*EXERCISE GOAL*
Please transcribe exactly, and only, the lines of the data below between the line holding "Lemma exists_block_ge a" and the line holding "exists i; first by rewrite leqnn le_iN.", inclusive.

──────── MATERIAL SHOWN

(* Let $N\ge1$, constants $\kappa,\epsilon,\sigma_B,\sigma_E,G,\Upsilon>0$, and $p_{1,B}\ge p_{2,B}\ge\dots\ge p_{N,B}>0$ (sorted in descending order). Consider the binary program $$\max_{\boldsymbol a\in\{0,1\}^N}\ \sum_{n=1}^N a_np_{n,B}\quad\text{s.t.}\quad \frac{2\kappa a_np_{n,B}}{\sqrt{\sigma_B}}\le\epsilon\ \ \forall n,\qquad \frac{G\sqrt{\sigma_E}}{\big(\sum_{n=1}^N a_n\big)\max_n\{a_np_{n,B}\}}\ge\sqrt{\Upsilon}.$$ Assume $p_{i,B}$ is the largest entry of $(p_{1,B},\dots,p_{N,B})$ satisfying $\frac{2\kappa p_{i,B}}{\sqrt{\sigma_B}}\le\epsilon$. For $1\le x\le N-i+1$ let $K_x=\min\big\{N-i-x+2,\ \big\lfloor\frac{G\sqrt{\sigma_E}}{p_{i+x-1,B}\sqrt{\Upsilon}}\big\rfloor\big\}$ and define $\boldsymbol a^x\in\{0,1\}^N$ by $[\boldsymbol a^x]_n=1$ if $i+x-1\le n\le i+x+K_x-2$ and $[\boldsymbol a^x]_n=0$ otherwise. Then the only candidates for a globally optimal solution of the program are the $N-i+1$ vectors $\boldsymbol a^1,\dots,\boldsymbol a^{N-i+1}$.
   Context: This program arises in the paper as the high-model-dimension ($d\to\infty$) limit of a device-selection problem: $a_n=1$ means device $n$ uploads its gradient, $a_n=0$ means it acts as a jammer; $p_{n,B}$ is channel gain times square root of power budget, $\kappa=\sqrt{2\ln(1.25/\zeta)}$ is a privacy constant, $\epsilon$ a differential-privacy level, $\Upsilon$ a security requirement, $\sigma_B,\sigma_E$ noise variances at the server and eavesdropper, and $G$ a gradient-norm bound. *)

From HB Require Import structures.
From mathcomp Require Import all_boot all_order all_algebra.
From mathcomp Require Import all_reals.
Set Implicit Arguments. Unset Strict Implicit. Unset Printing Implicit Defensive.
Import Order.TTheory GRing.Theory Num.Theory.
Local Open Scope ring_scope.

Section Prog.
Variables (R : realType) (N : nat).
(* p n is p_{n,B} for 1 <= n <= N; a vector a in {0,1}^N is a : 'I_N -> bool,
   a j is the entry a_{j+1}. *)
Variables (kappa eps sB sE G Ups : R) (p : nat -> R).

Definition ent (a : 'I_N -> bool) (j : 'I_N) : R := (a j)%:R * p j.+1.

Definition objective (a : 'I_N -> bool) : R := \sum_(j < N) ent a j.

Definition maxap (a : 'I_N -> bool) : R := \big[Num.max/0]_(j < N) ent a j.

Definition nsel (a : 'I_N -> bool) : R := (\sum_(j < N) (a j : nat))%:R.

(* Feasibility. The security constraint G sqrt(sE) / (sum a * max a p) >= sqrt Ups
   is read with the convention that a zero denominator gives +oo (constraint holds). *)
Definition feasible (a : 'I_N -> bool) : Prop :=
  (forall j : 'I_N, 2 * kappa * ent a j / Num.sqrt sB <= eps) /\
  (nsel a * maxap a = 0 \/
   Num.sqrt Ups <= G * Num.sqrt sE / (nsel a * maxap a)).

Definition optimal (a : 'I_N -> bool) : Prop :=
  feasible a /\ forall b, feasible b -> objective b <= objective a.

Definition Kx (i x : nat) : nat :=
  minn (N + 2 - (i + x))
       `|Num.floor (G * Num.sqrt sE / (p (i + x - 1)%N * Num.sqrt Ups))|%N.

Definition cand (i x : nat) : 'I_N -> bool :=
  fun j => (i + x - 1 <= j.+1)%N && (j.+1 <= i + x + Kx i x - 2)%N.
End Prog.

From Pilot Require Import Defs.
From HB Require Import structures.
From mathcomp Require Import all_boot all_order all_algebra.
From mathcomp Require Import all_reals.
From mathcomp Require Import ring lra zify.
Set Implicit Arguments.
Unset Strict Implicit.
Unset Printing Implicit Defensive.
Import Order.TTheory GRing.Theory Num.Theory.
Local Open Scope ring_scope.

(* The privacy constraint forbids every device before i, so an optimal [a]
   selects devices from some first index f >= i on. The security constraint
   then bounds the number of selected devices by the length K_f of the block
   starting at f, and the block [f, f + K_f) is itself feasible. Since the
   gains are sorted, this block collects the K_f largest gains available from
   f on, so it is at least as good as [a], hence optimal with the same value. *)

Lemma eq0_or_ler_divP (F : numFieldType) (x s c : F) :
  0 <= x -> 0 <= c -> (x = 0 \/ s <= c / x) <-> x * s <= c.
Proof.
rewrite le_eqVlt => /predU1P[<- c_ge0 | x_gt0 _]; first by rewrite mul0r; tauto.
rewrite ler_pdivlMr // mulrC; split => [[x0|//]|]; last by right.
by move: x_gt0; rewrite x0 ltxx.
Qed.

Lemma leq_floor_pdiv (F : archiRealFieldType) (n : nat) (c d : F) :
  0 <= c -> 0 < d -> (n <= `|Num.floor (c / d)|%N)%N = (n%:R * d <= c).
Proof.
move=> c_ge0 d_gt0; have cd_ge0 : 0 <= c / d by rewrite divr_ge0 // ltW.
by have := truncn_floor (c / d); rewrite cd_ge0 => <-; rewrite truncn_ge_nat // ler_pdivlMr.
Qed.

Section Program.
Variables (R : realType) (N : nat) (kappa eps sB sE G Ups : R) (p : nat -> R).
Hypothesis p_decr : forall n, (1 <= n < N)%N -> p n.+1 <= p n.
Hypothesis p_gt0 : forall n, (1 <= n <= N)%N -> 0 < p n.

Local Notation feasible := (@feasible R N kappa eps sB sE G Ups p).
Local Notation optimal := (@optimal R N kappa eps sB sE G Ups p).
Local Notation objective := (@objective R N p).
Local Notation maxap := (@maxap R N p).
Local Notation ent := (@ent R N p).
Implicit Types (a b : 'I_N -> bool).

Definition nsel_nat (a : 'I_N -> bool) : nat := \sum_(j < N) (a j : nat).

Definition block (f K : nat) : 'I_N -> bool := fun j => (f <= j.+1 < f + K)%N.

Definition block_len (f : nat) : nat :=
  minn (N + 1 - f) `|Num.floor (G * Num.sqrt sE / (p f * Num.sqrt Ups))|%N.

Lemma optimal_of_ge a b :
  optimal a -> feasible b -> objective a <= objective b ->
  optimal b /\ objective b = objective a.
Proof.
move=> [feas_a a_max] feas_b le_ab; have le_ba := a_max b feas_b.
split; last exact: le_anti (andb_true_intro (conj le_ba le_ab)).
by split=> // c /a_max /le_trans; apply.
Qed.

Lemma cand_block i f :
  (1 <= i <= f)%N -> @cand R N sE G Ups p i (f.+1 - i) = block f (block_len f).
Proof.
move=> /andP[i_ge1 le_if]; apply: boolp.funext => j.
rewrite /cand /Kx /block /block_len subnKC ?(leq_trans le_if) // subn1 /=.
have -> : (N + 2 - f.+1 = N + 1 - f)%N by lia.
by congr (_ && _); apply/idP/idP; lia.
Qed.

Lemma p_anti m n : (1 <= m <= n)%N -> (n <= N)%N -> p n <= p m.
Proof.
move=> /andP[m_ge1]; elim: n => [|n IHn]; first by rewrite leqn0 => /eqP ->.
rewrite leq_eqVlt => /predU1P[-> // | lt_mn] lt_nN.
by apply: le_trans (p_decr _) (IHn _ _); lia.
Qed.

Lemma nsel_block f K : (1 <= f)%N -> (f + K <= N + 1)%N -> nsel_nat (block f K) = K.
Proof.
move=> f_ge1 fK_le; rewrite /nsel_nat /block.
rewrite -(big_mkord xpredT (fun j => nat_of_bool (f <= j.+1 < f + K)%N)).
rewrite (@big_cat_nat _ _ _ f.-1) //=; last by lia.
rewrite (@big_cat_nat _ _ _ (f.-1 + K) f.-1) //=; [|lia|lia].
rewrite big_nat_cond big1 => [|j /andP[/andP[_ lt_j] _]]; last by case: andP => // -[]; lia.
rewrite [X in (_ + (_ + X))%N]big_nat_cond [X in (_ + (_ + X))%N]big1;
  last by move=> j /andP[/andP[le_j _] _]; case: andP => // -[]; lia.
rewrite (eq_big_nat _ _ (F2 := fun=> 1%N)); last first.
  by move=> j /andP[le_j lt_j]; case: andP => // -[]; split; lia.
by rewrite sum_nat_const_nat; lia.
Qed.

Lemma maxap_ge0 a : 0 <= maxap a.
Proof. exact: bigmax_ge_id. Qed.

Lemma le_maxap a (j : 'I_N) : a j -> p j.+1 <= maxap a.
Proof. by move=> aj; have := le_bigmax 0 (ent a) j; rewrite /ent aj mul1r. Qed.

Lemma maxap_le a c :
  0 <= c -> (forall j : 'I_N, a j -> p j.+1 <= c) -> maxap a <= c.
Proof.
move=> c_ge0 le_c; apply: bigmax_le => // j _; rewrite /ent.
by case: (boolP (a j)) => [/le_c|_]; rewrite ?mul1r ?mul0r.
Qed.

Lemma objective_ge0 a : 0 <= objective a.
Proof. by apply: sumr_ge0 => j _; rewrite mulr_ge0 // ltW // p_gt0 //= ltn_ord. Qed.

Lemma objective_le_block a f K :
  (1 <= f)%N -> (1 <= K)%N -> (f + K <= N + 1)%N ->
  (forall j : 'I_N, a j -> (f <= j.+1)%N) -> (nsel_nat a <= K)%N ->
  objective a <= objective (block f K).
Proof.
move=> f_ge1 K_ge1 fK_le sel_ge le_selK; set b := block f K; set t := (f + K - 1)%N.
have p_t : 0 < p t by rewrite p_gt0 //; lia.
(* every entry is compared with the smallest gain p_t taken by the block *)
have entB_le j : ent a j - ent b j <= ((a j)%:R - (b j)%:R) * p t.
  have lt_jN := ltn_ord j; rewrite /ent /b /block.
  case: (boolP (a j)) => a_j; case: (boolP (_ && _)) => /= [/andP[le_fj lt_jfK] | out_j].
  - lra.
  - suff : p j.+1 <= p t by lra.
    by apply: p_anti => //; move: out_j; rewrite sel_ge //= -leqNgt; lia.
  - suff : p t <= p j.+1 by lra.
    by apply: p_anti => //; lia.
  - lra.
rewrite -subr_le0 /Defs.objective -sumrB; apply: le_trans (ler_sum _ (fun j _ => entB_le j)) _.
rewrite -mulr_suml sumrB -!natr_sum -/(nsel_nat a) -/(nsel_nat b).
by rewrite nsel_block // pmulr_lle0 // subr_le0 ler_nat.
Qed.

Hypotheses (G_gt0 : 0 < G) (sE_gt0 : 0 < sE) (Ups_gt0 : 0 < Ups).
Let sqrtUps_gt0 : 0 < Num.sqrt Ups. Proof. by rewrite sqrtr_gt0. Qed.
Let GsE_ge0 : 0 <= G * Num.sqrt sE. Proof. by rewrite mulr_ge0 ?sqrtr_ge0 ?ltW. Qed.

Lemma feasibleP a :
  feasible a <->
  (forall j : 'I_N, 2 * kappa * ent a j / Num.sqrt sB <= eps) /\
  (nsel_nat a)%:R * maxap a * Num.sqrt Ups <= G * Num.sqrt sE.
Proof.
have sel_ge0 : 0 <= (nsel_nat a)%:R * maxap a by rewrite mulr_ge0 ?maxap_ge0.
have := eq0_or_ler_divP (Num.sqrt Ups) sel_ge0 GsE_ge0.
by rewrite /Defs.feasible /Defs.nsel -/(nsel_nat a); tauto.
Qed.

Lemma nsel_le_block_len a (j0 : 'I_N) :
  feasible a -> a j0 -> (forall j : 'I_N, a j -> (j0 <= j)%N) ->
  (nsel_nat a <= block_len j0.+1)%N.
Proof.
move=> /feasibleP[_ secure] a_j0 j0_min; rewrite leq_min; apply/andP; split.
  rewrite -[X in (_ <= X)%N](@nsel_block j0.+1 (N + 1 - j0.+1)) //;
    last by have := ltn_ord j0; lia.
  apply: leq_sum => j _; case: (boolP (a j)) => // /j0_min le_j0j.
  by rewrite /block /= ltnS le_j0j; have := ltn_ord j; lia.
have p_j0 : 0 < p j0.+1 by rewrite p_gt0 //= ltn_ord.
rewrite leq_floor_pdiv ?mulr_gt0 //.
apply: le_trans secure; rewrite mulrA ler_wpM2r ?sqrtr_ge0 //.
by rewrite ler_wpM2l ?ler0n ?le_maxap.
Qed.

Hypotheses (kappa_ge0 : 0 <= kappa) (eps_ge0 : 0 <= eps).
Variable i : nat.
Hypothesis i_ge1 : (1 <= i)%N.
Hypothesis i_private : 2 * kappa * p i / Num.sqrt sB <= eps.

Lemma private_of_sel_ge a :
  (forall j : 'I_N, a j -> (i <= j.+1)%N) ->
  forall j : 'I_N, 2 * kappa * ent a j / Num.sqrt sB <= eps.
Proof.
move=> sel_ge j; rewrite /ent; case: (boolP (a j)) => [/sel_ge le_ij|_].
  apply: le_trans i_private; rewrite mul1r ler_wpM2r ?invr_ge0 ?sqrtr_ge0 //.
  by rewrite ler_wpM2l ?mulr_ge0 // p_anti ?i_ge1 // ltn_ord.
by rewrite !mul0r mulr0 mul0r.
Qed.

Lemma feasible_block f : (i <= f <= N)%N -> feasible (block f (block_len f)).
Proof.
move=> /andP[le_if le_fN]; set K := block_len f.
move: (leqnn K); rewrite {2}/K /block_len leq_min => /andP[K_room K_floor].
have p_f : 0 < p f by rewrite p_gt0 // (leq_trans i_ge1).
apply/feasibleP; split.
  by apply: private_of_sel_ge => // j /andP[le_fj _]; apply: leq_trans le_fj.
rewrite nsel_block ?(leq_trans i_ge1) //; last by lia.
have K_secure : K%:R * (p f * Num.sqrt Ups) <= G * Num.sqrt sE.
  by rewrite -leq_floor_pdiv ?mulr_gt0.
apply: le_trans K_secure; rewrite -mulrA ler_wpM2l ?ler0n // ler_wpM2r ?sqrtr_ge0 //.
apply: maxap_le => [|j /andP[le_fj _]]; first exact: ltW.
by rewrite p_anti ?ltn_ord ?(leq_trans i_ge1).
Qed.

Hypothesis lt_i_public : forall n, (1 <= n < i)%N -> eps < 2 * kappa * p n / Num.sqrt sB.

Lemma feasible_sel_ge a (j : 'I_N) : feasible a -> a j -> (i <= j.+1)%N.
Proof.
move=> /feasibleP[private _] a_j; rewrite leqNgt; apply/negP => lt_ji.
have := private j; rewrite /ent a_j mul1r; apply/negP; rewrite -ltNge.
exact: lt_i_public.
Qed.

Lemma exists_block_ge a :
  (i <= N)%N -> feasible a ->
  exists2 f, (i <= f <= N)%N & objective a <= objective (block f (block_len f)).
Proof.
move=> le_iN feas_a; case: (pickP a) => [j0 a_j0 | no_sel]; last first.
  exists i; first by rewrite leqnn le_iN.
  by rewrite {1}/Defs.objective big1 ?objective_ge0 // => j _; rewrite /ent no_sel mul0r.
case: (arg_minnP (fun j : 'I_N => val j) a_j0) => m a_m m_min.
have lt_mN := ltn_ord m.
exists m.+1; first by rewrite (feasible_sel_ge feas_a a_m).
have le_sel := nsel_le_block_len feas_a a_m m_min.
have sel_ge1 : (1 <= nsel_nat a)%N by rewrite /nsel_nat (bigD1 m) //= a_m.
have le_len : (block_len m.+1 <= N + 1 - m.+1)%N by exact: geq_minl.
apply: objective_le_block => //; [exact: leq_trans le_sel | lia].
Qed.

End Program.

Theorem lemma6 (R : realType) (N : nat) (kappa eps sB sE G Ups : R)
    (p : nat -> R) (i : nat) :
  (1 <= N)%N ->
  0 < kappa -> 0 < eps -> 0 < sB -> 0 < sE -> 0 < G -> 0 < Ups ->
  (forall n, (1 <= n < N)%N -> p n.+1 <= p n) ->
  (forall n, (1 <= n <= N)%N -> 0 < p n) ->
  (1 <= i <= N)%N ->
  2 * kappa * p i / Num.sqrt sB <= eps ->
  (forall n, (1 <= n < i)%N -> eps < 2 * kappa * p n / Num.sqrt sB) ->
  forall a : 'I_N -> bool,
    @optimal R N kappa eps sB sE G Ups p a ->
    exists x : nat, (1 <= x <= N - i + 1)%N /\
      @optimal R N kappa eps sB sE G Ups p (@cand R N sE G Ups p i x) /\
      @objective R N p (@cand R N sE G Ups p i x) = @objective R N p a.
Proof.
move=> _ kappa_gt0 eps_gt0 _ sE_gt0 G_gt0 Ups_gt0 p_decr p_gt0 /andP[i_ge1 le_iN]
  i_private lt_i_public a opt_a.
have [f le_ifN le_obj] := exists_block_ge p_decr p_gt0 G_gt0 sE_gt0 Ups_gt0
  (ltW kappa_gt0) (ltW eps_gt0) i_ge1 i_private lt_i_public le_iN opt_a.1.
exists (f.+1 - i)%N; split; first by move: le_ifN => /andP[]; lia.
rewrite cand_block ?i_ge1; last by case/andP: le_ifN.
apply: optimal_of_ge opt_a _ le_obj.
exact: (feasible_block p_decr p_gt0 G_gt0 sE_gt0 Ups_gt0 (ltW kappa_gt0) (ltW eps_gt0)
  i_ge1 i_private le_ifN).
Qed.
(* Let $K\subseteq\mathbb{R}^n$ be a convex polytope. (a) If $K$ has $m+1$ vertices, then $\Gamma_l(K)\leq\Gamma_l(K_m^{1*})$ for all $l\in\mathbb{Z}^+$. (b) If $K$ is centrally symmetric and has $2m$ vertices, then $\Gamma_l(K)\leq\Gamma_l(K_m^{1})$ for all $l\in\mathbb{Z}^+$.
   Context: For a compact convex set $K\subseteq\mathbb{R}^d$ and $l\in\mathbb{Z}^+$, the covering functional is $\Gamma_l(K)=\inf\{\gamma>0:\exists C\subseteq\mathbb{R}^d,\ |C|=l,\ K\subseteq C+\gamma K\}$. $K_m^1=\{(x_1,\dots,x_m)\in\mathbb{R}^m:\sum_{i=1}^m|x_i|\leq1\}$ and $K_m^{1*}=\{(x_1,\dots,x_m)\in\mathbb{R}^m:\sum_{i=1}^m x_i\leq1,\ x_i\geq0\ \forall i\}$. *)

From HB Require Import structures.
From mathcomp Require Import all_boot all_order all_algebra.
From mathcomp Require Import all_classical all_reals all_analysis.
Set Implicit Arguments. Unset Strict Implicit. Unset Printing Implicit Defensive.
Import Order.TTheory GRing.Theory Num.Theory.
Local Open Scope classical_set_scope.
Local Open Scope ring_scope.

Definition hull (R : realType) (d : nat) (P : seq 'rV[R]_d) : set 'rV[R]_d :=
  [set x | exists lam : 'I_(size P) -> R,
     (forall i, 0 <= lam i) /\ \sum_i lam i = 1 /\
     x = \sum_i lam i *: P`_i].

Definition polytope (R : realType) (d : nat) (K : set 'rV[R]_d) : Prop :=
  exists P : seq 'rV[R]_d, K = hull P.

Definition extreme_point (R : realType) (d : nat) (K : set 'rV[R]_d)
  (x : 'rV[R]_d) : Prop :=
  K x /\ forall y z t, K y -> K z -> 0 < t < 1 ->
    x = (1 - t) *: y + t *: z -> y = x /\ z = x.

Definition num_vertices (R : realType) (d : nat) (K : set 'rV[R]_d) (k : nat)
  : Prop :=
  exists s : seq 'rV[R]_d, uniq s /\ size s = k /\
    forall x, extreme_point K x <-> x \in s.

Definition centrally_symmetric (R : realType) (d : nat) (K : set 'rV[R]_d)
  : Prop :=
  exists c : 'rV[R]_d, forall x, K x <-> K (2 *: c - x).

Definition translates (R : realType) (d l : nat) (C : 'I_l -> 'rV[R]_d)
  (g : R) (K : set 'rV[R]_d) : set 'rV[R]_d :=
  [set z | exists i y, K y /\ z = C i + g *: y].

(* Covering functional Gamma_l(K), as an extended real (inf of empty = +oo). *)
Definition Gamma (R : realType) (d l : nat) (K : set 'rV[R]_d) : \bar R :=
  ereal_inf [set (g%:E)%E | g in
    [set g : R | 0 < g /\ exists C : 'I_l -> 'rV[R]_d, K `<=` translates C g K]].

Definition K1star (R : realType) (m : nat) : set 'rV[R]_m :=
  [set x | \sum_i x ord0 i <= 1 /\ forall i, 0 <= x ord0 i].

Definition K1 (R : realType) (m : nat) : set 'rV[R]_m :=
  [set x | \sum_i `|x ord0 i| <= 1].

From HB Require Import structures.
From mathcomp Require Import all_boot all_order all_algebra.
From mathcomp Require Import all_classical all_reals all_analysis.
From mathcomp Require Import ring lra.
Import Order.TTheory GRing.Theory Num.Theory.
Local Open Scope classical_set_scope.
Local Open Scope ring_scope.
Set Implicit Arguments.
Unset Strict Implicit.

(* Gamma_l cannot increase under an affine map f x = b + x A: if L is covered
   by the translates C i + g L, then f L is covered by f (C i) - g b + g (f L).
   A polytope is the convex hull of its vertices, so one with vertices
   v_0, ..., v_m is the image of K_m^{1*} under x |-> v_0 + sum_i x_i (v_i - v_0).
   If K is symmetric about c, the reflection x |-> 2c - x permutes the vertices
   without fixed points (a fixed vertex is c, and an extreme centre forces
   K = {c}), so the 2m vertices are w_i and 2c - w_i, and K is the image of
   K_m^1 under x |-> c + sum_i x_i (w_i - c). *)

Section Convexity.
Variables (R : numFieldType) (V : lmodType R).

Definition is_convex (A : set V) : Prop :=
  forall a b t, A a -> A b -> 0 <= t <= 1 -> A ((1 - t) *: a + t *: b).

────────────────

*SOLUTION TO THIS PROBLEM*
Lemma exists_block_ge a :
  (i <= N)%N -> feasible a ->
  exists2 f, (i <= f <= N)%N & objective a <= objective (block f (block_len f)).
Proof.
move=> le_iN feas_a; case: (pickP a) => [j0 a_j0 | no_sel]; last first.
  exists i; first by rewrite leqnn le_iN.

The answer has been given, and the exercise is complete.